Indeed, it is tantalizing to speculate what Hubble would have made of late-20th-century and early-21st-century developments in the study of the expanding universe. By the early 1990s, it was assumed that gravity—the force that pulls all matter together—would eventually slow the expansion that Hubble had discovered. But in 1998, the Hubble Space Telescope’s observation of supernovae whose light was reaching us over an unimaginable gulf of time stunned astronomers by showing that the expansion of the universe is not only not slowing, but it is also accelerating! Theorists have given a name to the mysterious force that is tearing galaxies apart: dark energy. Though it cannot be observed, scientists have compared their theoretical models to cosmological observations and have concluded that dark energy comprises 70% of the universe and dark matter (which does not emit enough radiation to be directly observed) constitutes 25%. So what’s left? “Normal” matter—all the galaxies, all the constellations, all the stars with their planets—everything we have been able to directly observe—amounts to a mere 5% of the universe.

To paraphrase the poet Wordsworth: “Hubble, thou shouldst be living at this hour!”

—Sara Meric

References

Fox, Mary Virginia. “The Hubble Space Telescope.” In Edwin Hubble: American Astronomer.

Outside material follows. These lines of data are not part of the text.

(* Let $\mathcal{A}\subseteq\mathbb{R}^3$, $K\ge2$, $P_1,\ldots,P_K>0$, $\sigma^2>0$, and $h_1,\ldots,h_K\in L^2(\mathcal{A})$ with positive definite Gram matrix $\mathbf{R}$, $[\mathbf{R}]_{k_1,k_2}=\int_{\mathcal{A}}h_{k_1}^{*}h_{k_2}\,\mathrm{d}\mathbf{r}$. Fix $k$, let $\mathbf{h}_{\setminus k}(\mathbf{r})=[h_{k'}(\mathbf{r})]_{k'\neq k}\in\mathbb{C}^{1\times(K-1)}$, $\mathbf{R}_k=\int_{\mathcal{A}}\mathbf{h}_{\setminus k}^{\mathsf{H}}\mathbf{h}_{\setminus k}\,\mathrm{d}\mathbf{r}$, $\mathbf{P}_k=\mathrm{diag}(P_{k'}/\sigma^2)_{k'\neq k}$, and $\mathbf{C}_k=\mathbf{P}_k^{1/2}\mathbf{R}_k\mathbf{P}_k^{1/2}$ with eigendecomposition $\mathbf{C}_k=\mathbf{U}_k\,\mathrm{diag}(\lambda_{k'})_{k'\neq k}\mathbf{U}_k^{\mathsf{H}}$, $\lambda_{k'}>0$. Let $\mathbf{B}_k=\mathbf{U}_k\,\mathrm{diag}\big(\tfrac{1+\sqrt{1+\lambda_{k'}}}{\lambda_{k'}}\big)\mathbf{U}_k^{\mathsf{H}}$ and let $B_k$ be the operator on $L^2(\mathcal{A})$ with kernel $\delta(\mathbf{r}-\mathbf{r}')-\mathbf{h}_{\setminus k}(\mathbf{r})\mathbf{P}_k^{1/2}\mathbf{B}_k\mathbf{P}_k^{1/2}\mathbf{h}_{\setminus k}^{\mathsf{H}}(\mathbf{r}')$. For $w_k\in L^2(\mathcal{A})$ define $$f_{\mathsf{dm}}(w_k)=\iint_{\mathcal{A}^2}w_k^{*}(\mathbf{r})C_k(\mathbf{r},\mathbf{r}')w_k(\mathbf{r}')\,\mathrm{d}\mathbf{r}'\mathrm{d}\mathbf{r},\qquad C_k(\mathbf{r},\mathbf{r}')=\delta(\mathbf{r}-\mathbf{r}')+\sum_{k'\neq k}\frac{P_{k'}}{\sigma^2}h_{k'}(\mathbf{r})h_{k'}^{*}(\mathbf{r}'),$$ that is, $f_{\mathsf{dm}}(w_k)=\int_{\mathcal{A}}|w_k|^2\,\mathrm{d}\mathbf{r}+\sum_{k'\neq k}\frac{P_{k'}}{\sigma^2}\big|\int_{\mathcal{A}}h_{k'}^*w_k\,\mathrm{d}\mathbf{r}\big|^2$, and let $u_k(\mathbf{r})=\int_{\mathcal{A}}B_k(\mathbf{r},\mathbf{r}')w_k(\mathbf{r}')\,\mathrm{d}\mathbf{r}'$. Then $f_{\mathsf{dm}}(w_k)=\int_{\mathcal{A}}|u_k(\mathbf{r})|^2\,\mathrm{d}\mathbf{r}$.
   Context: Kernels containing $\delta(\mathbf{r}-\mathbf{r}')$ denote the identity plus a finite-rank integral operator. Standing assumption: channel responses pairwise non-parallel and $\mathbf{R}$ positive definite. *)

From HB Require Import structures.
From mathcomp Require Import all_boot all_order all_algebra.
From mathcomp Require Import all_classical all_reals all_analysis.
From mathcomp Require Import complex.
Set Implicit Arguments. Unset Strict Implicit. Unset Printing Implicit Defensive.
Import Order.TTheory GRing.Theory Num.Theory.
Local Open Scope ring_scope.
Local Open Scope classical_set_scope.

National Aeronautics and Space Administration. http://hubble.nasa.gov/ .

Mayall, N. U. Edwin Powell Hubble. Washington, D.C.: National Academies Press, 1970. www.nap.edu/html/biomems/ehubble.pdf

Sharov, Aleksandr Sergeevich, and Igor Dmitrievich Novikov. Edwin Hubble, the Discoverer of the Big Bang Universe. Cambridge: Cambridge University Press, 1993.

White, Martin. The Hubble Expansion. astro. berkeley.edu/ˆmwhite/darkmatter/hubble.html.